= Rupture of membranes =

Rupture of the amniotic sac in pregnancy

Rupture of membranes (ROM) or amniorrhexis is a term used during pregnancy to describe a rupture of the amniotic sac. Normally, it occurs spontaneously at full term either during or at the beginning of labor. Rupture of the membranes is known colloquially as "breaking (one's) water," especially when induced rather than spontaneous, or as one's "water breaking". A premature rupture of membranes (PROM) is a rupture of the amnion that occurs at full term and prior to the onset of labor.

In cases of PROM, options include expectant management without intervention, or interventions such as oxytocin or other methods of labor induction, and both are usually accompanied by close monitoring of maternal and fetal health. Preterm premature rupture of membranes (PPROM) is when water breaks both before the onset of labor and before the pregnancy's 37 week gestation. In the United States, more than 120,000 pregnancies per year are affected by a premature rupture of membranes, which is the cause of about one third of preterm deliveries.

Sometimes, a child is born with no rupture of the amniotic sac (no rupture of membranes). In such cases, the child may still be entirely within the sac once born; such a birth is known as an en-caul birth. A partial caul (referred to as just caul birth, or "in the caul" birth) covers the head of the newborn, but stops there.

==Effects==
When the amniotic sac ruptures, production of prostaglandins increases and the cushioning between the fetus and uterus is decreased, both of which are processes that increase the frequency and intensity of uterine contractions.

On occasion, with the rupture of membranes, particularly if the head is not engaged, the umbilical cord may prolapse. A cord prolapse is an obstetrical emergency, as the descending head may block fetal-placental circulation.

Once the membranes are ruptured, bacteria may ascend and could lead to amnionitis and fetal infection.

A premature rupture of membranes can have multiple effects on the fetus such as increasing their risk of prematurity and facing neonatal or perinatal complications.

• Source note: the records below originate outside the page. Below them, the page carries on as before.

Lemma pointwise_prec a b p : theta (prec a b) p = pf_prec (theta a) (theta b) p.
Proof.
  destruct (L_loc p) as [x [g [Hx [Hg HT]]]]; unfold pf_prec.
  rewrite !theta_def, (val_prec _ _ _ Hx Hg HT); destruct (as_atom A (L p a)); reflexivity.
Qed.

Lemma pointwise_comp a b p : theta (comp a b) p = pf_comp (theta a) (theta b) p.
Proof.
  destruct (L_loc p) as [x [g [Hx [Hg HT]]]]; unfold pf_comp.
  rewrite (theta_def (comp a b)), (theta_def a), (val_comp _ _ _ Hx Hg HT).
  destruct (as_atom A (L p a)) as [w |]; [| reflexivity].
  simpl; rewrite theta_def, L_emb; reflexivity.
Qed.

Lemma pointwise_meet (th_meet : forall a b p, th (meet a b) p = pf_meet (th a) (th b) p) a b p :
  theta (meet a b) p = pf_meet (theta a) (theta b) p.
Proof.
  destruct (L_loc p) as [x [g [Hx [Hg HT]]]]; unfold pf_meet.
  rewrite !theta_def, (val_meet _ _ _ Hx Hg HT th_meet).
  destruct (as_atom A (L p a)) as [w1 |], (as_atom A (L p b)) as [w2 |]; try reflexivity.
  simpl; destruct (excluded_middle_informative (w1 = w2)) as [<- | Hne];
    destruct (excluded_middle_informative (emb w1 = _)) as [E | E]; simpl; try reflexivity.
  - exfalso; exact (E eq_refl).
  - exfalso; exact (Hne (emb_inj w1 w2 E)).
Qed.

Lemma pointwise_upd (th_upd : forall a b p, th (upd a b) p = pf_upd (th a) (th b) p) a b p :
  theta (upd a b) p = pf_upd (theta a) (theta b) p.
Proof.
  destruct (L_loc p) as [x [g [Hx [Hg HT]]]]; unfold pf_upd.
  rewrite !theta_def, (val_upd _ _ _ Hx Hg HT th_upd).
  destruct (as_atom A (L p a)), (as_atom A (L p b)); reflexivity.
Qed.

Lemma pointwise_join (th_join : forall a b p, th (join a b) p = pf_join (th a) (th b) p) a b p :
  theta (join a b) p = pf_join (theta a) (theta b) p.
Proof.
  destruct (L_loc p) as [x [g [Hx [Hg HT]]]]; unfold pf_join.
  rewrite !theta_def, (val_join _ _ _ Hx Hg HT th_join).
  destruct (as_atom A (L p a)); reflexivity.
Qed.

Lemma pointwise_join_complete :
  (forall p, reflects_nonzero_joins A (L p)) -> join_complete A theta.
Proof.
  intros HJ S j Hj p y; destruct (L_loc p) as [x [g [Hx [Hg HT]]]].
  pose proof (val_join_complete _ _ _ Hx Hg HT (HJ p) S j Hj) as Hval.
  rewrite theta_def; split.
  - destruct (as_atom A (L p j)) as [w |]; intros Hy; [| discriminate].
    destruct (proj1 (Hval w) eq_refl) as [s [Hs Es]]; exists s; split; [exact Hs |].
    rewrite theta_def, Es; exact Hy.
  - intros [s [Hs Hy]]; rewrite theta_def in Hy.
    destruct (as_atom A (L p s)) as [w |] eqn:Es; [| discriminate].
    rewrite (proj2 (Hval w) (ex_intro _ s (conj Hs Es))); exact Hy.
Qed.

Lemma pointwise_meet_complete :
  (forall p, preserves_constant_meets A (L p)) -> meet_complete A theta.
Proof.
  intros HM S m Hne Hm p y; destruct (L_loc p) as [x [g [Hx [Hg HT]]]].
  pose proof (val_meet_complete _ _ _ Hx Hg HT (HM p) S m Hne Hm) as Hval.
  rewrite theta_def; split.
  - destruct (as_atom A (L p m)) as [w |]; intros Hy s Hs; [| discriminate].
    rewrite theta_def, (proj1 (Hval w) eq_refl s Hs); exact Hy.
  - intros Hy; destruct Hne as [s0 Hs0]; pose proof (Hy s0 Hs0) as Hy0.
    rewrite theta_def in Hy0; destruct (as_atom A (L p s0)) as [w |] eqn:E0; [| discriminate].
    rewrite (proj2 (Hval w)); [exact Hy0 |].
    (* all [s ∈ S] carry the same atom, since [emb] is injective *)
    intros s Hs; specialize (Hy s Hs); rewrite theta_def in Hy.
    destruct (as_atom A (L p s)) as [w' |]; [| discriminate].
    simpl in Hy, Hy0; f_equal; apply emb_inj; congruence.
Qed.

Lemma pointwise_is_rep (sigma : sym -> Prop)
  (th_meet : sigma Meet -> forall a b p, th (meet a b) p = pf_meet (th a) (th b) p)
  (th_upd : sigma Upd -> forall a b p, th (upd a b) p = pf_upd (th a) (th b) p)
  (th_join : sigma Join -> forall a b p, th (join a b) p = pf_join (th a) (th b) p) :
  (forall a b, (forall p, theta a p = theta b p) -> a = b) ->
  (sigma Dom -> forall a p, theta (dom a) p = pf_dom (theta a) p) ->
  (sigma Antidom -> forall a p, theta (antidom a) p = pf_antidom (theta a) p) ->
  is_rep A sigma Y theta.
Proof.
  intros Hinj Hdom Hadom; repeat split; auto.
  - intros _; exact pointwise_prec.
  - intros _; exact pointwise_comp.
  - intros H; exact (pointwise_meet (th_meet H)).
  - intros H; exact (pointwise_upd (th_upd H)).
  - intros H; exact (pointwise_join (th_join H)).
Qed.

End Pointwise.

(** ** The representation on [At(A) ⊔ At(A)/~] ([D], [A] ∉ σ) *)

Definition class_of (c : car A) (Hc : atom A c) : AtQ A :=
  exist (fun C => exists x, atom A x /\ forall y, C y <-> (atom A y /\ sim A x y))
        (fun y => atom A y /\ sim A c y) (ex_intro _ c (conj Hc (fun y => iff_refl _))).

Lemma rep_spec (C : AtQ A) :
  atom A (rep A C) /\ forall y, proj1_sig C y <-> atom A y /\ sim A (rep A C) y.
Proof.
  unfold rep; destruct (constructive_indefinite_description _ (proj2_sig C)) as [r Hr].
  exact Hr.
Qed.

Lemma rep_class_sim c (Hc : atom A c) : sim A (rep A (class_of c Hc)) c.
Proof.
  apply (proj2 (rep_spec (class_of c Hc)) c); simpl.
  split; [exact Hc | apply sim_equiv].
Qed.

Definition theta1_loc (p : At A + AtQ A) : car A -> car A :=
  match p with inl x => comp (proj1_sig x) | inr C => lhd A (rep A C) end.

Lemma theta1_pointwise a p : theta1 A a p = opt_map inl (as_atom A (theta1_loc p a)).
Proof. destruct p; reflexivity. Qed.

Lemma theta1_loc_localization p : localization (theta1_loc p).
Proof.
  destruct p as [x | C]; [apply comp_localization, proj2_sig | apply lhd_localization, rep_spec].
Qed.

(** The point [c/~] alone determines [c ◁ a]. *)
Lemma theta1_injective : atoms_separating A ->
  forall a b, (forall p, theta1 A a p = theta1 A b p) -> a = b.
Proof.
  intros Hsep; apply separation_injective; [exact Hsep |]; intros c Hc.
  exists (inr (class_of c Hc)); intros a b E; simpl in E.
  rewrite !(lhd_sim _ _ (rep_class_sim c Hc)) in E.
  destruct (as_atom A (lhd A c a)), (as_atom A (lhd A c b)); simpl in E; congruence.
Qed.

Lemma theta1_properties (sigma : sym -> Prop)
  (th_meet : sigma Meet -> forall a b p, th (meet a b) p = pf_meet (th a) (th b) p)
  (th_upd : sigma Upd -> forall a b p, th (upd a b) p = pf_upd (th a) (th b) p)
  (th_join : sigma Join -> forall a b p, th (join a b) p = pf_join (th a) (th b) p) :
  atoms_separating A -> ~ sigma Dom -> ~ sigma Antidom ->
  is_rep A sigma _ (theta1 A) /\
  (comp_cld_joins A -> join_complete A (theta1 A)) /\
  (comp_cld_meets A -> meet_complete A (theta1 A)).
Proof.
  intros Hsep HnD HnA.
  assert (inl_inj : forall w1 w2 : At A, @inl _ (AtQ A) w1 = inl w2 -> w1 = w2)
    by (intros w1 w2 E; injection E; auto).
  pose proof (fun w a => eq_refl : theta1_loc (inl w) a = comp (proj1_sig w) a) as L_emb.
  split; [| split].
  - apply (pointwise_is_rep _ _ _ _ inl_inj theta1_loc_localization L_emb theta1_pointwise
             sigma th_meet th_upd th_join (theta1_injective Hsep)); contradiction.
  - intros Hcld; apply (pointwise_join_complete _ _ _ _ theta1_loc_localization theta1_pointwise).
    intros [x | C]; [exact (comp_reflects_nonzero_joins _ Hcld) | apply lhd_reflects_nonzero_joins].
  - intros Hcld; apply (pointwise_meet_complete _ _ _ _ inl_inj theta1_loc_localization
                          theta1_pointwise).
    intros [x | C]; [exact (comp_preserves_constant_meets _ Hcld) | apply lhd_preserves_constant_meets].
Qed.

(** ** The representation on [At(A)] ([D] ∈ σ or [A] ∈ σ) *)

(** With [D] (or [A], via [D = A ∘ A]) every element has a domain element,
    which turns [c ◁ _] into a composition [D(c) ; _]. *)
Lemma domain_elements (sigma : sym -> Prop)
  (th_dom : sigma Dom -> forall a p, th (dom a) p = pf_dom (th a) p)
  (th_adom : sigma Antidom -> forall a p, th (antidom a) p = pf_antidom (th a) p) :
  sigma Dom \/ sigma Antidom -> forall c, exists d, forall p, th d p = dom_id c p.
Proof.
  intros [HD | HA] c.
  - exists (dom c); intro p; rewrite (th_dom HD); reflexivity.
  - exists (antidom (antidom c)); intro p; rewrite (th_adom HA); unfold pf_antidom.
    rewrite (th_adom HA); unfold pf_antidom, dom_id; destruct (th c p); reflexivity.
Qed.

Lemma comp_dom_id c d : (forall p, th d p = dom_id c p) -> forall a, comp d a = lhd A c a.
Proof.
  intros Hd a; apply th_inj; intro p; rewrite th_comp, lhd_th; unfold pf_comp.
  rewrite Hd; unfold dom_id; destruct (th c p); reflexivity.
Qed.

Lemma theta2_pointwise a x : theta2 A a x = opt_map (fun w => w) (as_atom A (comp (proj1_sig x) a)).
Proof. unfold theta2; destruct (as_atom A _); reflexivity. Qed.

(** The point [D(c)] alone determines [c ◁ a]. *)
Lemma theta2_injective : atoms_separating A -> (forall c, exists d, forall p, th d p = dom_id c p) ->
  forall a b, (forall x, theta2 A a x = theta2 A b x) -> a = b.
Proof.
  intros Hsep Hdom; apply separation_injective; [exact Hsep |]; intros c Hc.
  destruct (Hdom c) as [d Hd].
  assert (Hd_atom : atom A d).
  { apply (atom_of_subdomain c d Hc).
    - intro Hz; apply (proj1 Hc), zero_iff; intro p; rewrite zero_iff in Hz; specialize (Hz p).
      rewrite Hd in Hz; unfold dom_id in Hz; destruct (th c p); congruence.
    - intro p; rewrite Hd; unfold dom_id; destruct (th c p); congruence. }
  exists (exist _ d Hd_atom); intros a b E; unfold theta2 in E; simpl in E.
  rewrite !(comp_dom_id c d Hd) in E; exact E.
Qed.

(** At an atom [x], [x ; D(a)] is [x] when [x ; a ≠ 0] and [0] otherwise,
    and dually for [A(a)]. *)
Lemma theta2_dom (th_dom : forall a p, th (dom a) p = pf_dom (th a) p) a x :
  theta2 A (dom a) x = pf_dom (theta2 A a) x.
Proof.
  destruct x as [x Hx]; unfold theta2, pf_dom; simpl.
  pose proof (val_Some (comp x) x (th x) Hx (fun _ => iff_refl _) (th_comp x) a) as Hdef.
  pose proof (val_None (comp x) x (th x) Hx (fun _ => iff_refl _) (th_comp x) a) as Hundef.
  destruct (as_atom A (comp x a)) as [w |].
  - transitivity (as_atom A x); [f_equal | exact (as_atom_self A (exist _ x Hx))].
    apply th_inj; intro p; rewrite th_comp; unfold pf_comp.
    destruct (th x p) as [q |] eqn:Eq; [| reflexivity].
    rewrite th_dom; unfold pf_dom; pose proof (proj2 (Hdef w eq_refl) p q Eq).
    destruct (th a q); congruence.
  - apply (val_undef (comp x) (th x) (th_comp x)); intros p q Eq.
    rewrite th_dom; unfold pf_dom; rewrite (Hundef eq_refl p q Eq); reflexivity.
Qed.

Lemma theta2_antidom (th_adom : forall a p, th (antidom a) p = pf_antidom (th a) p) a x :
  theta2 A (antidom a) x = pf_antidom (theta2 A a) x.
Proof.
  destruct x as [x Hx]; unfold theta2, pf_antidom; simpl.
  pose proof (val_Some (comp x) x (th x) Hx (fun _ => iff_refl _) (th_comp x) a) as Hdef.
  pose proof (val_None (comp x) x (th x) Hx (fun _ => iff_refl _) (th_comp x) a) as Hundef.
  destruct (as_atom A (comp x a)) as [w |].
  - apply (val_undef (comp x) (th x) (th_comp x)); intros p q Eq.
    rewrite th_adom; unfold pf_antidom; pose proof (proj2 (Hdef w eq_refl) p q Eq).
    destruct (th a q); congruence.
  - transitivity (as_atom A x); [f_equal | exact (as_atom_self A (exist _ x Hx))].
    apply th_inj; intro p; rewrite th_comp; unfold pf_comp.
    destruct (th x p) as [q |] eqn:Eq; [| reflexivity].
    rewrite th_adom; unfold pf_antidom; rewrite (Hundef eq_refl p q Eq); reflexivity.
Qed.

Rupture of membranes can affect ongoing labor management. Certain methods of labor induction or augmentation such as balloon catheters are relatively contraindicated after ROM.

==Types==
- SROM: spontaneous rupture of membranes. This term describes the normal, spontaneous rupture of the membranes at full term. The rupture is usually at the bottom of the uterus, over the cervix, causing a gush of fluid. This gush may be quite small (such as 50ml), or it can be significantly large (200-300ml) depending upon amount of fluid in the amniotic sac, and to what extent the fetal head is plugging the hole and retaining fluid in the sac. A spontaneous rupture that occurs early in labor may actually be related to other complications resulting in delayed labor. These complications may include a contracted pelvis, breech presentation, or occipito-posterior position.
- PROM: premature rupture of membranes. This term describes a rupture of the membranes that occurs before the onset of labor.
  - PPROM: preterm, premature rupture of membranes. This term describes a rupture of the membranes that occurs before 37 weeks gestation, and it can have multiple effects on the fetus such as increasing their risk of prematurity and facing neonatal or perinatal complications. Risk factors of pregnancies with PPROM include race (black patients are at increased risk), low socioeconomic status, history of sexually transmitted disease, distension of the uterus (which may result from factors such as excessive amniotic fluid (polyhydramnios) or carrying more than one fetus (multifetal pregnancy)), and tobacco smoking.
- AROM: artificial rupture of membranes. This term describes a rupture of the membranes by a third party, usually a midwife or obstetrician, in order to induce or accelerate labor.

==Detection==
Detection of rupture of membranes mainly include:
- Pooling test: visualization of amniotic fluid pooling in the vagina
- Nitrazine paper test
- Fern test
- Amniotic fluid index
For results to be roughly 90% accurate in infection detection, a combination of both an arborization test and nitrazine paper test may be used. An arborization test assesses the patient's vaginal secretions, while a nitrazone paper test uses the nitrazine paper to examines vaginal pH.